Reflections on a Season of Busy-ness.
For the past two months, I have worked more hours than I have in quite a long time. First, a disclaimer. I do not claim to be ridiculously over-tasked nor do I think my job is anywhere near the most demanding in D.C. I am also quite grateful for my job and have enjoyed a level of responsibility I haven’t had in the past.
Nevertheless, there are time periods where I (and most people) have to dig in and get the job done. For me, that began in September as my organization moved closer to both our annual gala and the launch of an entirely new website. I also took on a side-project video editing for a great organization called The Center for Food Safety. In sum, I bite off more than I could chew. So here are my loose thoughts on how to survive such seasons.
Christ is Everything
There was a point where I turned to a co-worker and simply exclaimed ‘What does one do when you’re starting to feel overwhelmed by the sheer volume of work and challenges that are hitting you?’ Before I finished the question, I knew the answer. I rest in Jesus. I found it important to remind myself that my work wouldn’t fulfill me, it doesn’t give my life meaning and even success is momentary before the next project has to be tackled. Basing your life on something more permanent, something divine and eternal provides a foundation that isn’t shaken easily. My value comes from my identity in Christ, from a loving God would reconcile me to himself by sending his son to die on the cross, not spreadsheets or tweets. If I didn’t have that rock to cling to, I don’t think I would have handled this season well.

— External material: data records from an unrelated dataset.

Lemma lamM a b c : lam (a *' b) c = lam a (lam b c).
Proof.
by rewrite [lam b c]lamE lamD lamN !lamE bmulA opprD opprK [a - _]addrC -addrA addNKr.
Qed.

Lemma lamVK a : cancel (lam a) (lam (inv a)).
Proof. by move=> b; rewrite -lamM bmulN bone0 lam_id. Qed.

Lemma lamKV a : cancel (lam (inv a)) (lam a).
Proof. by move=> b; rewrite -lamM bmulrV bone0 lam_id. Qed.

Lemma addr_bmul a b : a + b = a *' lam (inv a) b.
Proof. by rewrite bmul_lam lamKV. Qed.

Lemma binvE a : inv a = - lam (inv a) a.
Proof. by rewrite lamE bmulN bone0 addr0 opprK. Qed.

Section IrreducibleOfBrace.
Variables (X : finType) (op : X -> X -> X) (f : X -> V).
Hypothesis f_op : forall x y, f (op x y) = bcycle Br (f x) (f y).

Section LambdaStable.
Variable Y : {set X}.
Hypothesis Y_sub : sub_cycle_set op Y.

Definition lam_stable b : bool := lam b @: (f @: Y) == f @: Y.

Lemma lam_stable0 : lam_stable 0.
Proof. by rewrite /lam_stable (eq_imset _ lam_id) imset_id. Qed.

Lemma lam_stableM b c : lam_stable b -> lam_stable c -> lam_stable (b *' c).
Proof.
rewrite /lam_stable => /eqP sb /eqP sc.
by rewrite (eq_imset _ (lamM b c)) imset_comp sc sb.
Qed.

Lemma lam_stableV b : lam_stable b -> lam_stable (inv b).
Proof.
rewrite /lam_stable => /eqP sb.
by rewrite -{1}sb -imset_comp (eq_imset _ (lamVK b)) imset_id.
Qed.

Lemma lam_stable_f y : y \in Y -> lam_stable (f y).
Proof.
move=> yY; rewrite /lam_stable eqEcard (card_imset _ (can_inj (lamVK _))) leqnn andbT.
apply/subsetP => _ /imsetP [_ /imsetP [u uY ->] ->].
have [w wY <-] := Y_sub.2 y yY u uY.
by rewrite f_op /bcycle lamKV imset_f.
Qed.

Definition lam_core b : Prop := forall c, lam_stable c -> lam_stable (lam c b).

Lemma lam_core_stable b : lam_core b -> lam_stable b.
Proof. by move=> hb; rewrite -[b]lam_id; apply/hb/lam_stable0. Qed.

Lemma lam_core_lam b c : lam_core b -> lam_stable c -> lam_core (lam c b).
Proof. by move=> hb sc d sd; rewrite -lamM; apply/hb/lam_stableM. Qed.
(* Let $r\geq 1$ and $n_1,\ldots,n_r>1$ be integers, let $R=\mathbb{Z}_{n_1}\oplus\cdots\oplus \mathbb{Z}_{n_r}$ be the direct sum of the residue class rings $\mathbb{Z}_{n_1},\ldots,\mathbb{Z}_{n_r}$, let $\mathcal{S}_R$ be the multiplicative semigroup of the ring $R$, and let ${\rm U}(\mathcal{S}_R)$ be the group of units of $\mathcal{S}_R$. Then $${\rm D}({\rm U}(\mathcal{S}_R))+P_2\leq {\rm D}(\mathcal{S}_R)\leq {\rm D}({\rm U}(\mathcal{S}_R))+\delta,$$ where $P_2=\#\{i\in [1,r]: 2 \parallel n_i\}$ (i.e. $2\mid n_i$ but $4\nmid n_i$) and $\delta=\#\{i\in [1,r]: 2\mid n_i\}$.
   Context: For a finite commutative semigroup $\mathcal{S}$ (with operation written $+$), a sequence $T=a_1a_2\cdots a_\ell$ of elements of $\mathcal{S}$ (a finite multiset; order irrelevant) is called reducible if there is a proper subsequence $T'$ of $T$ (possibly empty, a sub-multiset different from $T$) whose sum equals the sum of all terms of $T$; the sum of the empty sequence is the identity element of $\mathcal{S}$ (here $\mathcal{S}$ has an identity). The Davenport constant ${\rm D}(\mathcal{S})$ is the smallest positive integer $\ell$ such that every sequence of elements of $\mathcal{S}$ of length at least $\ell$ is reducible. For a finite abelian group $G$ this coincides with the classical Davenport constant: the smallest $\ell$ such that every sequence of $\ell$ elements of $G$ has a nonempty subsequence summing to the identity. The semigroup $\mathcal{S}_R$ has as its operation the ring multiplication of $R$ (written additively as $+$ in the semigroup), with identity element $(\overline{1},\ldots,\overline{1})$; ${\rm U}(\mathcal{S}_R)$ is the set of elements having an inverse under this operation. *)

From mathcomp Require Import all_boot all_algebra.
Set Implicit Arguments. Unset Strict Implicit. Unset Printing Implicit Defensive.
Import GRing.Theory.

(* Sequences are restricted to elements of A
   (A = predT for the whole semigroup, A = units for the unit group). *)
Section Davenport.
Variables (T : finType) (op : T -> T -> T) (e : T).

Definition seqsum (s : seq T) : T := foldr op e s.

Definition reducible (s : seq T) : Prop :=
  exists m : bitseq, [/\ size m = size s, ~~ all id m & seqsum (mask m s) = seqsum s].

Definition all_long_reducible (A : {pred T}) (l : nat) : Prop :=
  forall s : seq T, all (mem A) s -> l <= size s -> reducible s.

Definition is_davenport (A : {pred T}) (l : nat) : Prop :=
  [/\ 0 < l, all_long_reducible A l &
      forall l', 0 < l' -> all_long_reducible A l' -> l <= l'].

Definition is_unit (x : T) : bool := [exists y, op x y == e].

End Davenport.

Definition ringR (r : nat) (n : 'I_r -> nat) := {dffun forall i : 'I_r, 'Z_(n i)}.

Definition mulR (r : nat) (n : 'I_r -> nat) (x y : ringR n) : ringR n :=
  [ffun i => (x i * y i)%R].

Definition oneR (r : nat) (n : 'I_r -> nat) : ringR n := [ffun i => 1%R].

From mathcomp Require Import all_boot all_algebra.
From Stdlib Require Import Classical.
Set Implicit Arguments. Unset Strict Implicit. Unset Printing Implicit Defensive.
Import GRing.Theory.

(* Lower bound: append to a longest irreducible sequence of units the elements
   e_i (2 in coordinate i, 1 elsewhere) for the i with 2 || n_i.  Dropping an
   e_i leaves a unit in coordinate i while 2 is not a unit there, and a unit d
   with 2d = 2 in Z_{n_i} is 1 because n_i/2 is odd; so the sequence stays
   irreducible.
   Upper bound: scan an irreducible sequence a_1 ... a_l with running product
   x.  Working coordinatewise in Z_{n_i}, each step either gives x a_k = x u
   for a unit u, or admits a unit w fixing x a_k but not x, or makes some
   ideal x_i Z_{n_i} drop from even to odd size; the last happens at most
   once per coordinate with n_i even.  Replacing the a_k of the first kind by
   their units u and collecting the w of the second kind yields an irreducible
   sequence of units of length at least l - delta. *)

Lemma classical_least (P : nat -> Prop) n : P n ->
  exists2 l, P l & forall k, P k -> l <= k.
Proof.
elim/ltn_ind: n => n IH Pn.
have [[k Pk lt_kn] | no_smaller] := classic (exists2 k, P k & k < n).
  exact: IH lt_kn Pk.
exists n => // k Pk; rewrite leqNgt; apply/negP => lt_kn.
by apply: no_smaller; exists k.
Qed.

My Sinful Heart is Most Exposed in Times of Stress
Despite doing my best (or not even my best) to rest in Christ, I demonstrated a complete lack of patience and grace during this time period. I found myself more irritable with friends, family and co-workers. When I wasn’t working, I found myself lazy and without my guard up. On a spiritual level, this meant not spending the time pursuing God that I should have. On a physical level, I missed the gym. Work began to consume all of my time. It’s a merciless god. Repent early and often.

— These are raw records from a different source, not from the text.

(* polynomial = finitely supported coefficient function alpha |-> coeff of x^alpha *)
Definition finsupp (f : mind -> K) : Prop :=
  exists s : seq mind, forall a, f a != 0 -> a \in s.

Definition Pn := { f : mind -> K | finsupp f }.
Definition coef (p : Pn) : mind -> K := proj1_sig p.

Lemma zero_fs : finsupp (fun _ => 0).
Proof. by exists [::] => a; rewrite eqxx. Qed.
Definition Pzero : Pn := exist _ _ zero_fs.

Lemma add_fs (p q : Pn) : finsupp (fun a => coef p a + coef q a).
Proof.
case: p q => [f [s Hs]] [g [t Ht]]; rewrite /finsupp /coef /=; exists (s ++ t) => a Ha.
rewrite mem_cat; case: (boolP (f a == 0)) => [/eqP fa0|/Hs -> //].
by rewrite Ht ?orbT //; move: Ha; rewrite fa0 add0r.
Qed.
Definition Padd (p q : Pn) : Pn := exist _ _ (add_fs p q).

Lemma scale_fs (c : K) (p : Pn) : finsupp (fun a => c * coef p a).
Proof.
case: p => [f [s Hs]]; rewrite /finsupp /coef /=; exists s => a Ha; apply: Hs.
by apply: contraNneq Ha => ->; rewrite mulr0.
Qed.
Definition Pscale (c : K) (p : Pn) : Pn := exist _ _ (scale_fs c p).

Lemma incr_decr (i : 'I_n) (a : mind) : (0 < a i)%N -> incr i (decr i a) = a.
Proof.
move=> Ha; apply/ffunP => j; rewrite !ffunE.
by case: eqP => [->|_]; rewrite ?subnK ?subn0 ?addn0.
Qed.
Lemma decr_incr (i : 'I_n) (a : mind) : decr i (incr i a) = a.
Proof. by apply/ffunP => j; rewrite !ffunE addnK. Qed.

(* x_i * x^alpha = x^(alpha + e_i) *)
Definition xcoef (i : 'I_n) (p : Pn) (a : mind) : K :=
  if (0 < a i)%N then coef p (decr i a) else 0.
Lemma x_fs (i : 'I_n) (p : Pn) : finsupp (xcoef i p).
Proof.
case: p => [f [s Hs]]; rewrite /finsupp /coef /=; exists (map (incr i) s) => a; rewrite /xcoef /=.
case: ifP => [Hai Hf|]; last by rewrite eqxx.
by rewrite -(incr_decr Hai); apply: map_f; apply: Hs.
Qed.
Definition opx (i : 'I_n) (p : Pn) : Pn := exist _ _ (x_fs i p).

(* y_i * x^alpha = x^(alpha - e_i) if alpha_i > 0, and 0 otherwise *)
Lemma y_fs (i : 'I_n) (p : Pn) : finsupp (fun a => coef p (incr i a)).
Proof.
case: p => [f [s Hs]]; rewrite /finsupp /coef /=; exists (map (decr i) s) => a /= Hf.
by rewrite -(decr_incr i a); apply: map_f; apply: Hs.
Qed.
Definition opy (i : 'I_n) (p : Pn) : Pn := exist _ _ (y_fs i p).

Definition Op := Pn -> Pn.
Definition linear_op (phi : Op) : Prop :=
  forall (c : K) (p q : Pn), phi (Padd (Pscale c p) q) = Padd (Pscale c (phi p)) (phi q).
Definition op_id : Op := fun p => p.
Definition op_add (u v : Op) : Op := fun p => Padd (u p) (v p).
Definition op_scale (c : K) (u : Op) : Op := fun p => Pscale c (u p).
Definition op_sub (u v : Op) : Op := op_add u (op_scale (-1) v).
Definition op_mul (u v : Op) : Op := fun p => u (v p).
Definition op_comm (u v : Op) : Op := op_sub (op_mul u v) (op_mul v u).

(* S_n = the K-subalgebra of End_K(P_n) generated by the x_i, y_i
   (the image of the faithful action of the Jacobson algebra) *)
Inductive inS : Op -> Prop :=
| inS_x i : inS (opx i)
| inS_y i : inS (opy i)
| inS_1 : inS op_id
| inS_add u v : inS u -> inS v -> inS (op_add u v)
| inS_scale c u : inS u -> inS (op_scale c u)
| inS_mul u v : inS u -> inS v -> inS (op_mul u v).

Inductive inP (i : 'I_n) : Op -> Prop :=
| inP_gen : inP i (op_sub op_id (op_mul (opx i) (opy i)))
| inP_add u v : inP i u -> inP i v -> inP i (op_add u v)
| inP_scale c u : inP i u -> inP i (op_scale c u)
| inP_lmul u v : inS u -> inP i v -> inP i (op_mul u v)
| inP_rmul u v : inP i u -> inS v -> inP i (op_mul u v).

End Jacobson.

From HB Require Import structures.
From mathcomp Require Import all_boot all_order all_algebra.
From mathcomp Require Import ring zify.
From Stdlib Require Import FunctionalExtensionality ProofIrrelevance.
Set Implicit Arguments. Unset Strict Implicit. Unset Printing Implicit Defensive.
Import GRing.Theory.
Local Open Scope ring_scope.

(* We prove (1) => (2) => (3) => (1).
   (1) => (2): phi |-> [x_i, phi] is a derivation of End_K(P_n); it sends the
   generators x_j, y_j (j <> i) and 1 to 0 and y_i to x_i y_i - 1, so it maps
   S_n into the ideal p_i = (1 - x_i y_i).
   (2) => (3): take a_i = 0 and b_i = [x_i, phi].
   (3) => (1): every element of p_i kills the polynomials all of whose
   monomials have large x_i-degree, so (3) says that phi commutes with x_i on
   the monomials x^g with g_i >= N, for some N and every i.  Such a phi is
   determined by the finitely many polynomials phi(x^nu), nu in {0..N}^n:
   phi(x^g) = x^(g - nu) phi(x^nu) with nu = min(g, N).  This formula is
   realised by a finite sum of operators (multiplication by phi(x^nu)) o
   (truncation at nu), built from x_j, y_j and the projections 1 - x_j y_j,
   hence phi lies in S_n.
   The argument does not use the characteristic of K. *)

Section Jacobson.
Variables (K : fieldType) (n : nat).
Implicit Types (p q : Pn K n) (u v w : Op K n) (a b d g nu : mind n).

Lemma Pn_ext p q : coef p =1 coef q -> p = q.
Proof.
case: p q => f Hf [g Hg] /= fg.
have E : f = g by apply: functional_extensionality.
by subst; f_equal; apply: proof_irrelevance.
Qed.

Lemma op_ext u v : (forall p, u p = v p) -> u = v.
Proof. exact: functional_extensionality. Qed.

Lemma coefD p q a : coef (Padd p q) a = coef p a + coef q a. Proof. by []. Qed.
Lemma coefZ c p a : coef (Pscale c p) a = c * coef p a. Proof. by []. Qed.
Lemma coefX i p a : coef (opx i p) a = if (0 < a i)%N then coef p (decr i a) else 0.
Proof. by []. Qed.
Lemma coefY i p a : coef (opy i p) a = coef p (incr i a). Proof. by []. Qed.
Lemma coef0 a : coef (Pzero K n) a = 0. Proof. by []. Qed.
Definition coefE := (coefD, coefZ, coefX, coefY, coef0).

Lemma opE :
  (forall u v p, op_add u v p = Padd (u p) (v p)) *
  (forall c u p, op_scale c u p = Pscale c (u p)) *
  (forall u v p, op_mul u v p = u (v p)) *
  (forall u v p, op_comm u v p = Padd (u (v p)) (Pscale (-1) (v (u p)))) *
  (forall p, @op_id K n p = p).
Proof. by []. Qed.

Lemma Padd0 p : Padd p (Pzero K n) = p.
Proof. by apply: Pn_ext => a; rewrite coefD coef0 addr0. Qed.

Lemma mon_fs a : finsupp (fun b => if b == a then (1 : K) else 0).
Proof. by exists [:: a] => b; rewrite inE; case: (b == a); rewrite ?eqxx. Qed.
Definition mon a : Pn K n := exist _ _ (mon_fs a).
Lemma coef_mon a b : coef (mon a) b = if b == a then 1 else 0. Proof. by []. Qed.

Email is a Horrible Way to Communicate in Busy Times (and in general)
Due to increased stress and irritable tempers, I found myself growing enraged by emails that certainly weren’t written with that response in mind. Additionally, emails often lacked clarity or caused confusion. In crunch time, a phone call or in person meeting is key; both for better production and for maintaining one’s sanity. I’m not a fan of email in general, but it’s particular poor when everyone’s on edge.
Decelerating is Difficult
As my crunch time began to wind down, I had an incredibly difficult time getting off the 24/7 mindset. I found myself thinking about work before I went to bed and when I got up despite the fact that the major hurdles had been cleared. This is unsustainable. Spiritually, turning to God in pray to free me of that obsession was the only way forward. Practically, I found a return to my regular routine, particularly the gym, helpful in clearing my head. I heard somewhere (possibly C.S. Lewis via Ben Todd) that those who work with their minds should rest through physical activities and vice-versa. I find that to be acutely true. Once you are passed the busy season, you have to get back to regular schedules. If not, burnout is inevitable, maybe not tomorrow maybe not next year, but no one maintains that pace forever without serious damage to their lives. So when you can, rest.